I learned that point pattern analysis is a good option for presence absence data, though my sampling points being observer-determined hindered the average nearest neighbor analysis (as well as gaps between sampling sites). I chose spatial autocorrelation because I have evenly spaced count data, and determined that presence/absence data would indeed work as a count. In the limited bit I’ve heard about autocorrelation in the past, it’s been in terms of checking for violations of model assumptions (I.e. regression analyses), so it was helpful to learn about new applications for univariate analysis.

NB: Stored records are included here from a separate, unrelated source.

(* Let $K$ be a finite simplicial complex and $\gamma=[c]\in H_1(K;\mathbb{R})$. If $C\subseteq K^{(1)}$ is an inclusion-minimal homological edge cut for $\gamma$ (i.e. $C$ is a homological edge cut for $\gamma$ but $C\setminus\{e\}$ is not, for every $e\in C$), then there exists a cocycle $\varphi\in C^1(K;\mathbb{R})$ (i.e. $\partial^*\varphi=0$) with $\mathrm{Supp}(\varphi)=C$ and $\varphi(c)=1$.
   Context: For $A\subseteq K$, $K-A$ is the largest subcomplex of $K$ containing no simplex of $A$. $C\subseteq K^{(1)}$ (edges of $K$) is a homological edge cut for $\gamma\in H_1(K;\mathbb{R})$ if $\gamma\notin\mathrm{Im}(H_1(K-C;\mathbb{R})\to H_1(K;\mathbb{R}))$, the map induced by inclusion. $C^1(K;\mathbb{R})=\mathrm{Hom}(C_1(K;\mathbb{R}),\mathbb{R})$ with coboundary $(\partial^*\varphi)(\sigma)=\varphi(\partial\sigma)$ for $2$-simplices $\sigma$ (with a fixed orientation of simplices). $\mathrm{Supp}(\varphi)$ is the set of edges $e$ with $\varphi(e)\ne0$. *)

From HB Require Import structures.
From mathcomp Require Import all_boot all_order all_algebra.
From mathcomp Require Import reals.
Set Implicit Arguments. Unset Strict Implicit. Unset Printing Implicit Defensive.
Import Order.TTheory GRing.Theory Num.Theory.
Local Open Scope ring_scope.

(* The natural order on
   'I_n fixes the orientation of every simplex (vertices listed increasingly). *)
Definition is_complex (n : nat) (K : {set {set 'I_n}}) : Prop :=
  (forall s, s \in K -> s != set0) /\
  (forall s t : {set 'I_n}, s \in K -> t \subset s -> t != set0 -> t \in K).

Definition edges (n : nat) (K : {set {set 'I_n}}) : {set {set 'I_n}} :=
  [set s in K | #|s| == 2].
Definition triangles (n : nat) (K : {set {set 'I_n}}) : {set {set 'I_n}} :=
  [set s in K | #|s| == 3].

(* K - A : the largest subcomplex of K containing no simplex of A *)
Definition cdiff (n : nat) (K A : {set {set 'I_n}}) : {set {set 'I_n}} :=
  [set s in K | [forall t in A, ~~ (t \subset s)]].

Section Chains.
Variables (R : realType) (n : nat).

(* real chains/cochains are represented as finite functions on vertex sets *)
Definition chain := {ffun {set 'I_n} -> R}.

Definition is_chain (L : {set {set 'I_n}}) (k : nat) (c : chain) : Prop :=
  forall s, c s != 0 -> (s \in L) && (#|s| == k.+1).

(* incidence number [s : t] for a codimension-1 face t of s: (-1)^i where
   the removed vertex x is the i-th vertex (from 0) of s in increasing order *)
Definition incid (t s : {set 'I_n}) : R :=
  (-1) ^+ (\sum_(x in s :\: t) #|[set y in s | y < x]|)%N.

Definition bnd (c : chain) : chain :=
  [ffun t : {set 'I_n} => \sum_(s : {set 'I_n} | (t \subset s) && (#|s| == #|t|.+1))
               incid t s * c s].

Definition elem (s : {set 'I_n}) : chain := [ffun t => (t == s)%:R].

Definition pair (phi c : chain) : R := \sum_s phi s * c s.

(* C is a homological edge cut for gamma = [c] in H_1(K;R):
   [c] is not in the image of H_1(K - C;R) -> H_1(K;R), i.e. there is no
   1-cycle z of K - C homologous in K to c. *)
Definition homological_edge_cut (K C : {set {set 'I_n}}) (c : chain) : Prop :=
  ~ exists z : chain, [/\ is_chain (cdiff K C) 1 z, bnd z = 0 &
      exists d : chain, is_chain K 2 d /\ c - z = bnd d].

Definition is_cocycle (K : {set {set 'I_n}}) (phi : chain) : Prop :=
  is_chain K 1 phi /\ forall s, s \in triangles K -> pair phi (bnd (elem s)) = 0.

Definition supp (phi : chain) : {set {set 'I_n}} := [set e | phi e != 0].

End Chains.

From HB Require Import structures.
From mathcomp Require Import all_boot all_order all_algebra.
From mathcomp Require Import reals.
Set Implicit Arguments. Unset Strict Implicit. Unset Printing Implicit Defensive.
Import Order.TTheory GRing.Theory Num.Theory.
Local Open Scope ring_scope.

(* The cut condition says that [c] is not a
   boundary of a 2-chain plus a chain vanishing on [C] (such a chain is then a cycle of
   [K - C] homologous to [c]); so [c] lies outside the span of the triangle boundaries and
   the elementary chains off [C], and linear algebra yields a cochain [phi] vanishing on that
   span with [phi c = 1], i.e. a cocycle supported in [C].  If [phi] vanished at some
   [e \in C] as well, it would vanish on all cycles of [K - (C :\ e)] and on all boundaries,
   hence on [c] since [C :\ e] is no cut. *)

Lemma separating_col (F : fieldType) m k (W : 'M[F]_(k, m)) (u : 'rV_m) :
  ~~ (u <= W)%MS -> exists f : 'cV_m, W *m f = 0 /\ u *m f = 1.
Proof.
rewrite submxE => uQ.
have /existsP[j uQj] : [exists j, (u *m cokermx W) 0 j != 0].
  move: uQ; apply: contraNT => /existsPn uQ0.
  by apply/eqP/rowP => j; rewrite [RHS]mxE; exact/eqP/negPn/uQ0.
set a := (u *m cokermx W) 0 j in uQj *.
exists (a^-1 *: col j (cokermx W)); split.
  by rewrite -scalemxAr colE mulmxA mulmx_coker !mul0mx scaler0.
apply/rowP => i; rewrite ord1 -scalemxAr colE mulmxA -colE.
by rewrite [LHS]mxE [X in _ * X]mxE -/a [RHS]mxE mulVf.
Qed.

Section AntisymmetricSum.
Variables (F : numFieldType) (V : lmodType F) (T : finType).

Lemma sum_antisym (A : {set T}) (G : T -> T -> V) :
  {in A &, forall x y, x != y -> G y x = - G x y} ->
  \sum_(x in A) \sum_(y in A :\ x) G x y = 0.
Proof.
move=> Ganti; set S := LHS.
have SN : S = - S.
  rewrite {1}/S (exchange_big_dep (mem A)) /= => [|x y _ /setD1P[]//].
  rewrite /S -sumrN; apply: eq_bigr => y yA; rewrite -sumrN.
  apply: eq_big => [x|x /andP[xA /setD1P[yx _]]]; last by rewrite Ganti // eq_sym.
  by rewrite !inE yA andbT andbC eq_sym.
have : (2%:R : F) *: S = 0 by rewrite scaler_nat mulr2n {1}SN addNr.
by move/eqP; rewrite scaler_eq0 pnatr_eq0 orFb => /eqP.
Qed.

End AntisymmetricSum.

Section Chains.
Variables (R : realType) (n : nat).
Local Notation chain := (chain R n).
Local Notation elem := (elem R).
Implicit Types (c d z phi : chain) (x y : 'I_n) (s t : {set 'I_n}).
Implicit Types (K L A C : {set {set 'I_n}}).

(* [R] is not an [R]-module but [R^o] is: the copy makes [*:] available on chains. *)
HB.instance Definition _ := GRing.Lmodule.copy chain {ffun {set 'I_n} -> R^o}.

Lemma chain_sum_elem c : \sum_s c s *: elem s = c.
Proof.
apply/ffunP => t; rewrite sum_ffunE (bigD1 t) //= big1 => [|s /negbTE st].
  by rewrite !ffunE eqxx addr0; exact: mulr1.
by rewrite !ffunE eq_sym st; exact: mulr0.
Qed.

Lemma pair_elem phi s : pair phi (elem s) = phi s.
Proof.
rewrite /pair (bigD1 s) //= big1 => [|t /negbTE ts]; first by rewrite ffunE eqxx mulr1 addr0.
by rewrite ffunE ts mulr0.
Qed.

Lemma pair_is_linear phi : linear (pair phi : chain -> R^o).
Proof.
move=> a c d; rewrite /pair scaler_sumr -big_split; apply: eq_bigr => s _.
by rewrite !ffunE mulrDr mulrCA.
Qed.

HB.instance Definition _ phi :=
  GRing.isLinear.Build R chain R^o _ (pair phi) (pair_is_linear phi).

Lemma bnd_is_linear : linear (@bnd R n).
Proof.
move=> a c d; apply/ffunP => t; rewrite !ffunE scaler_sumr -big_split.
by apply: eq_bigr => s _; rewrite !ffunE mulrDr mulrCA.
Qed.

HB.instance Definition _ := GRing.isLinear.Build R chain chain _ (@bnd R n) bnd_is_linear.

Definition facet t s := (t \subset s) && (#|s| == #|t|.+1).

Lemma facetP t s : reflect (exists2 x, x \in s & t = s :\ x) (facet t s).
Proof.
apply: (iffP andP) => [[ts /eqP cs]|[x xs ->]]; last first.
  by rewrite subD1set (cardsD1 x s) xs.
have /cards1P[x sDt] : #|s :\: t| == 1%N.
  by rewrite cardsD (setIidPr ts) cs subSnn.
have xs : x \in s by have := set11 x; rewrite -sDt => /setDP[].
exists x => //; apply/setP => y; rewrite !inE.
move/setP: sDt => /(_ y); rewrite !inE.
case: (boolP (y \in t)) => [yt|_] /=; first by rewrite (subsetP ts) // => <-.
by move=> <-; rewrite andNb.
Qed.

Lemma bnd_neq0 d t : bnd d t != 0 -> exists2 s, d s != 0 & facet t s.
Proof.
rewrite ffunE => bd; have /existsP[s /andP[ds ts]] : [exists s, (d s != 0) && facet t s].
  move: bd; apply: contraNT => /existsPn dt; apply/eqP/big1 => s ts.
  by have := dt s; rewrite /facet ts andbT negbK => /eqP->; rewrite mulr0.
by exists s.
Qed.

Definition pos_in s (x : 'I_n) : nat := #|[set y in s | (y < x)%N]|.

Lemma pos_in_setD1 s x y : x \in s -> pos_in s y = ((x < y)%N + pos_in (s :\ x) y)%N.
Proof.
move=> xs; rewrite /pos_in (cardsD1 x) !inE xs; congr (_ + _)%N.
by apply: eq_card => z; rewrite !inE andbA.
Qed.

Lemma incid_setD1 s x : x \in s -> incid R (s :\ x) s = (-1) ^+ pos_in s x.
Proof.
move=> xs; rewrite /incid; have -> : s :\: (s :\ x) = [set x].
  by apply/setP => y; rewrite !inE; case: (y =P x) => [->|] /=; rewrite ?xs ?andNb.
by rewrite big_set1.
Qed.

Lemma bnd_elem s : bnd (elem s) = \sum_(x in s) (-1) ^+ pos_in s x *: elem (s :\ x).
Proof.
apply/ffunP => t; rewrite sum_ffunE ffunE big_mkcond (bigD1 s) //= big1 => [|u /negbTE us].
  rewrite ffunE eqxx mulr1 addr0 -/(facet t s).
  have [/facetP[x xs ->]|nts] := boolP (facet t s).
    rewrite (bigD1 x) //= big1 => [|y /andP[ys yx]].
      by rewrite incid_setD1 // !ffunE eqxx addr0; exact/esym/mulr1.
    rewrite !ffunE; have -> : (s :\ x == s :\ y) = false.
      apply: contraNF yx => /eqP/setP/(_ x).
      by rewrite !inE eqxx xs /= andbT eq_sym => /esym/negbFE.
    exact: mulr0.
  rewrite big1 // => x xs; rewrite !ffunE; have -> : (t == s :\ x) = false.
    by apply: contraNF nts => /eqP->; apply/facetP; exists x.
  exact: mulr0.
by rewrite ffunE us mulr0 if_same.
Qed.

Lemma sign_setD1_swap s x y : x \in s -> y \in s -> x != y ->
  (-1) ^+ (pos_in s y + pos_in (s :\ y) x)
  = - (-1) ^+ (pos_in s x + pos_in (s :\ x) y) :> R.
Proof.
move=> xs ys xy; rewrite (pos_in_setD1 y xs) (pos_in_setD1 x ys) !exprD.
case: ltngtP xy => [_|_|/val_inj->]; rewrite ?eqxx //= expr0 expr1 mul1r mulN1r => _.
  by rewrite mulNr mulrC.
by rewrite mulNr opprK mulrC.
Qed.

Lemma bnd_bnd_elem s : bnd (bnd (elem s)) = 0.
Proof.
rewrite bnd_elem linear_sum /=.
under eq_bigr => x xs do rewrite linearZ /= bnd_elem scaler_sumr.
under eq_bigr do under eq_bigr do rewrite scalerA -exprD.
apply: sum_antisym => x y xs ys xy.
by rewrite setDDl setUC -setDDl sign_setD1_swap // scaleNr.
Qed.

Lemma bnd_bnd d : bnd (bnd d) = 0.
Proof.
rewrite -[d]chain_sum_elem !linear_sum big1 // => s _.
by rewrite !linearZ /= bnd_bnd_elem scaler0.
Qed.

Lemma is_chainB L k c d : is_chain L k c -> is_chain L k d -> is_chain L k (c - d).
Proof.
move=> cL dL s; rewrite !ffunE; case: (eqVneq (c s) 0) => [->|/cL//].
by rewrite sub0r oppr_eq0; exact: dL.
Qed.

Lemma is_chain_bnd K k d : is_complex K -> is_chain K k.+1 d -> is_chain K k (bnd d).
Proof.
move=> [_ Kcl] dK t /bnd_neq0[s /dK/andP[sK /eqP cs] /andP[ts /eqP cst]].
have ct : #|t| = k.+1 by apply: succn_inj; rewrite -cst.
by rewrite ct eqxx andbT; apply: Kcl sK ts _; rewrite -card_gt0 ct.
Qed.

Lemma is_chain_cdiff K A k z :
  {in A, forall t, #|t| = k.+1} -> is_chain K k z -> {in A, forall t, z t = 0} ->
  is_chain (cdiff K A) k z.
Proof.
move=> Ak zK zA s zs; have /andP[sK sk] := zK s zs.
rewrite sk andbT inE sK; apply/forall_inP => t tA; apply: contraNN zs => ts.
have st : t = s by apply/eqP; rewrite eqEcard ts (Ak t tA) (eqP sk) ltnSn.
by rewrite -st zA.
Qed.

Lemma cdiff_chain_notin K A k z s : is_chain (cdiff K A) k z -> z s != 0 -> s \notin A.
Proof.
move=> zK /zK/andP[]; rewrite inE => /andP[_ /forall_inP sA] _.
by apply/negP => /sA; rewrite subxx.
Qed.

Lemma pair_bnd_cocycle K phi d :
  (forall t, t \in triangles K -> pair phi (bnd (elem t)) = 0) -> is_chain K 2 d ->
  pair phi (bnd d) = 0.
Proof.
move=> phiK dK; rewrite -[d]chain_sum_elem !linear_sum big1 // => s _.
rewrite !linearZ /=; case: (eqVneq (d s) 0) => [->|/dK sK]; first by rewrite scale0r.
by rewrite phiK ?inE // scaler0.
Qed.

Lemma pair_eq0_of_not_cut K A phi c :
  (forall s, s \notin A -> phi s = 0) ->
  (forall t, t \in triangles K -> pair phi (bnd (elem t)) = 0) ->
  ~ homological_edge_cut K A c -> pair phi c = 0.
Proof.
move=> phiA phiK notcut; case: (eqVneq (pair phi c) 0) => // nz; exfalso.
apply: notcut => -[z [zK _ [d [dK czd]]]]; move: nz.
have pz : pair phi z = 0.
  apply: big1 => s _; case: (eqVneq (z s) 0) => [->|/(cdiff_chain_notin zK)/phiA->].
    exact: mulr0.
  exact: mul0r.
by rewrite -(subrK z c) czd linearD /= (pair_bnd_cocycle phiK dK) pz addr0 eqxx.
Qed.

Definition cut_family K C (i : {set 'I_n} + {set 'I_n}) : chain :=
  match i with
  | inl t => if t \in triangles K then bnd (elem t) else 0
  | inr e => if e \in C then 0 else elem e
  end.

Lemma sum_cut_family K C (a : {set 'I_n} + {set 'I_n} -> R) :
  exists d z, [/\ is_chain K 2 d, {in C, forall e, z e = 0} &
    \sum_i a i *: cut_family K C i = bnd d + z].
Proof.
pose d : chain := [ffun t => if t \in triangles K then a (inl t) else 0].
pose z : chain := [ffun e => if e \in C then 0 else a (inr e)].
exists d, z; split=> [t|e eC|]; rewrite ?ffunE.
- by case: ifP => [|_]; rewrite ?eqxx // inE.
- by rewrite eC.
rewrite big_sumType; congr (_ + _).
  rewrite -[d]chain_sum_elem linear_sum; apply: eq_bigr => t _; rewrite ffunE /=.
  by case: ifP => _; [rewrite linearZ | rewrite scaler0 scale0r linear0].
rewrite -[z]chain_sum_elem; apply: eq_bigr => e _; rewrite ffunE /=.
by case: ifP => _; rewrite ?scaler0 ?scale0r.
Qed.

Lemma edge_cut_notin_span K C c :
  is_complex K -> is_chain K 1 c -> bnd c = 0 -> C \subset edges K ->
  homological_edge_cut K C c -> ~ exists a, c = \sum_i a i *: cut_family K C i.
Proof.
move=> Kc cK bc CE cut [a ca]; apply: cut.
have [d [z [dK zC sum_dz]]] := sum_cut_family K C a.
have zE : z = c - bnd d by rewrite ca sum_dz addrC addKr.
exists z; split; last by exists d; rewrite zE subKr.
- apply: is_chain_cdiff zC; first by move=> e /(subsetP CE); rewrite inE => /andP[_ /eqP].
  by rewrite zE; apply: is_chainB cK (is_chain_bnd Kc dK).
- by rewrite zE linearB /= bc bnd_bnd subrr.
Qed.

Definition row_of c : 'rV[R]_#|{: {set 'I_n}}| := \row_j c (enum_val j).

Lemma separating_cochain (I : finType) (g : I -> chain) c :
  ~ (exists a : I -> R, c = \sum_i a i *: g i) ->
  exists phi, (forall i, pair phi (g i) = 0) /\ pair phi c = 1.
Proof.
move=> nspan; pose W := \matrix_(i < #|I|) row_of (g (enum_val i)).
have /separating_col[f [Wf cf]] : ~~ (row_of c <= W)%MS.
  apply/negP => /submxP[D cD]; apply: nspan; exists (fun i => D 0 (enum_rank i)).
  apply/ffunP => s; rewrite sum_ffunE.
  have := congr1 (fun v : 'rV_ _ => v 0 (enum_rank s)) cD; rewrite /= !mxE enum_rankK => ->.
  rewrite (reindex enum_rank) /=; last exact: onW_bij (enum_rank_bij _).
  by apply: eq_bigr => i _; rewrite !mxE !enum_rankK ffunE.
pose phi : chain := [ffun s => f (enum_rank s) 0].
have pairE d : pair phi d = (row_of d *m f) 0 0.
  rewrite /pair mxE (reindex enum_rank) /=; last exact: onW_bij (enum_rank_bij _).
  by apply: eq_bigr => s _; rewrite !mxE !ffunE enum_rankK mulrC.
exists phi; split=> [i|]; last by rewrite pairE cf mxE.
have giW : row_of (g i) = row (enum_rank i) W by rewrite rowK enum_rankK.
by rewrite pairE giW -row_mul Wf row0 mxE.
Qed.

End Chains.

Theorem mainTheorem12 (R : realType) (n : nat) (K : {set {set 'I_n}})
  (c : chain R n) (C : {set {set 'I_n}}) :
  is_complex K ->
  is_chain K 1 c -> bnd c = 0 ->
  C \subset edges K ->
  homological_edge_cut K C c ->
  (forall e, e \in C -> ~ homological_edge_cut K (C :\ e) c) ->
  exists phi : chain R n,
    [/\ is_cocycle K phi, supp phi = C & pair phi c = 1].
Proof.
move=> Kc cK bc CE cut mincut.
have [phi [phi_family phic]] := separating_cochain (edge_cut_notin_span Kc cK bc CE cut).
have phi_off s : s \notin C -> phi s = 0.
  by move=> sC; have := phi_family (inr s); rewrite /= (negbTE sC) pair_elem.
have phi_tri t : t \in triangles K -> pair phi (bnd (elem R t)) = 0.
  by move=> tK; have := phi_family (inl t); rewrite /= tK.
exists phi; split=> //.
  split=> // s; case: (boolP (s \in C)) => [/(subsetP CE)|/phi_off->]; first by rewrite inE.
  by rewrite eqxx.
apply/setP => e; rewrite inE; case: (boolP (e \in C)) => [eC|/phi_off->]; last by rewrite eqxx.
apply/eqP => phie; have := oner_neq0 R.
rewrite -phic (pair_eq0_of_not_cut _ phi_tri (mincut e eC)) ?eqxx // => s.
by rewrite !inE negb_and negbK => /orP[/eqP->|/phi_off].
Qed.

Cross-correlation was a new statistical method to me. One limitation I found was that I was unable to run this analysis in the instance where a species was present at every sampling point. In working on change detection, I was able to think through ways to deal with the issue of NDVI not being standardized between years, and using unsupervised classification. I hadn’t run these analyses before, so I learned a lot about the process!

Evolving question

My objective in “My Spatial Problem” was to explore the spatial patterns of vegetation species and communities, how vegetation community structure has changed since restoration, and how this related to geomorphological change via changes in sediment delivery and inundation regimes.

Wow, that was a broad question! For the first two exercises, I ended up focusing on individual vegetation species, rather than tackling any sort of community analysis (to come in future research questions). My original question was missing relating vegetation species presence to a variable B (elevation for exercise 2); I had skipped ahead to broadly stating that I wanted to relate vegetative change to geomorphic change.

My restated questions are: How is species distribution related in space to physical environmental variables (i.e. elevation, salinity, proximity to channels)? How are patterns of vegetation change related to geomorphic change? 

Future techniques

I would like to continue working on change detection, looking more into habitat classification methods. For example, I would like to learn more about unclassified habitat supervision and whether manual adjustments need to be made for areas of potential misclassification (such as algae being classified as veg). In the future, I will incorporate empirical data to classify points on spectral signatures, and then do image classification. Additionally, I’d like to look into other values for classification such as the Soil Adjusted Vegetation Index (SAVI) that adjust for soil reflectance, or other classification methods such as object-based classification. Ultimately, I will want to perform change detection by habitat type (mudflat, salt marsh, riparian floodplain, etc.) to better quantify restoration progress.

I would like to explore dissimilarity analyses, such as Bray Curtis, to look at changes over time in resampled vegetation quadrats. I’ll be exploring ordination techniques once I’m further along in thinking about vegetation community analysis. I’ll also be doing a lidar change detection analysis and relating this to vegetation change (technique options to be explored!).